ACTION ITEM :: Every line below that carries the word "Import" needs to be copied.

· · · · · · ·

(* Let $q$ be a power of an odd prime with $q\equiv1\pmod4$, and let $k$ be a divisor of $q-1$ with $(q-1)/k$ even. If $(q,k)$ gives a $3$-design, then $(q^n,k)$ gives a $3$-design for every odd positive integer $n$.
   Context: For a prime power $Q\equiv1\pmod 4$ the group $\mathrm{PSL}(2,Q)$ acts on $\mathrm{PG}(1,Q)=\mathbb{F}_Q\cup\{\infty\}$ by linear fractional transformations $z\mapsto (az+b)/(cz+d)$ with $ad-bc$ a nonzero square in $\mathbb{F}_Q$. For a divisor $k$ of $Q-1$, ''$(Q,k)$ gives a $3$-design'' means that the $\mathrm{PSL}(2,Q)$-orbit of the unique subgroup of order $k$ of $\mathbb{F}_Q^\times$ is the block set of a $3$-$(Q+1,k,\lambda)$ design for some positive integer $\lambda$. *)

From mathcomp Require Import all_boot all_algebra.
Set Implicit Arguments. Unset Strict Implicit. Unset Printing Implicit Defensive.
Import GRing.Theory.
Local Open Scope ring_scope.

(* Projective line PG(1,F) = F ∪ {∞}, encoded as [option F] with None = ∞. *)
Definition PG1 (F : finFieldType) := option F.

(* A quadruple (a,b,c,d) represents z |-> (a z + b)/(c z + d); it is an
   element of PSL(2,F) (modulo scalars) iff ad - bc is a nonzero square. *)
Definition is_psl (F : finFieldType) (g : F * F * F * F) : bool :=
  let: (a, b, c, d) := g in
  (a * d - b * c != 0) && [exists y : F, y ^+ 2 == a * d - b * c].

Definition lfrac (F : finFieldType) (g : F * F * F * F) (z : option F) : option F :=
  let: (a, b, c, d) := g in
  match z with
  | Some x => if c * x + d == 0 then None else Some ((a * x + b) / (c * x + d))
  | None => if c == 0 then None else Some (a / c)
  end.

· · · · · · ·

RESPONSE TO THIS TASK ::
From mathcomp Require Import all_boot all_algebra.
Import GRing.Theory.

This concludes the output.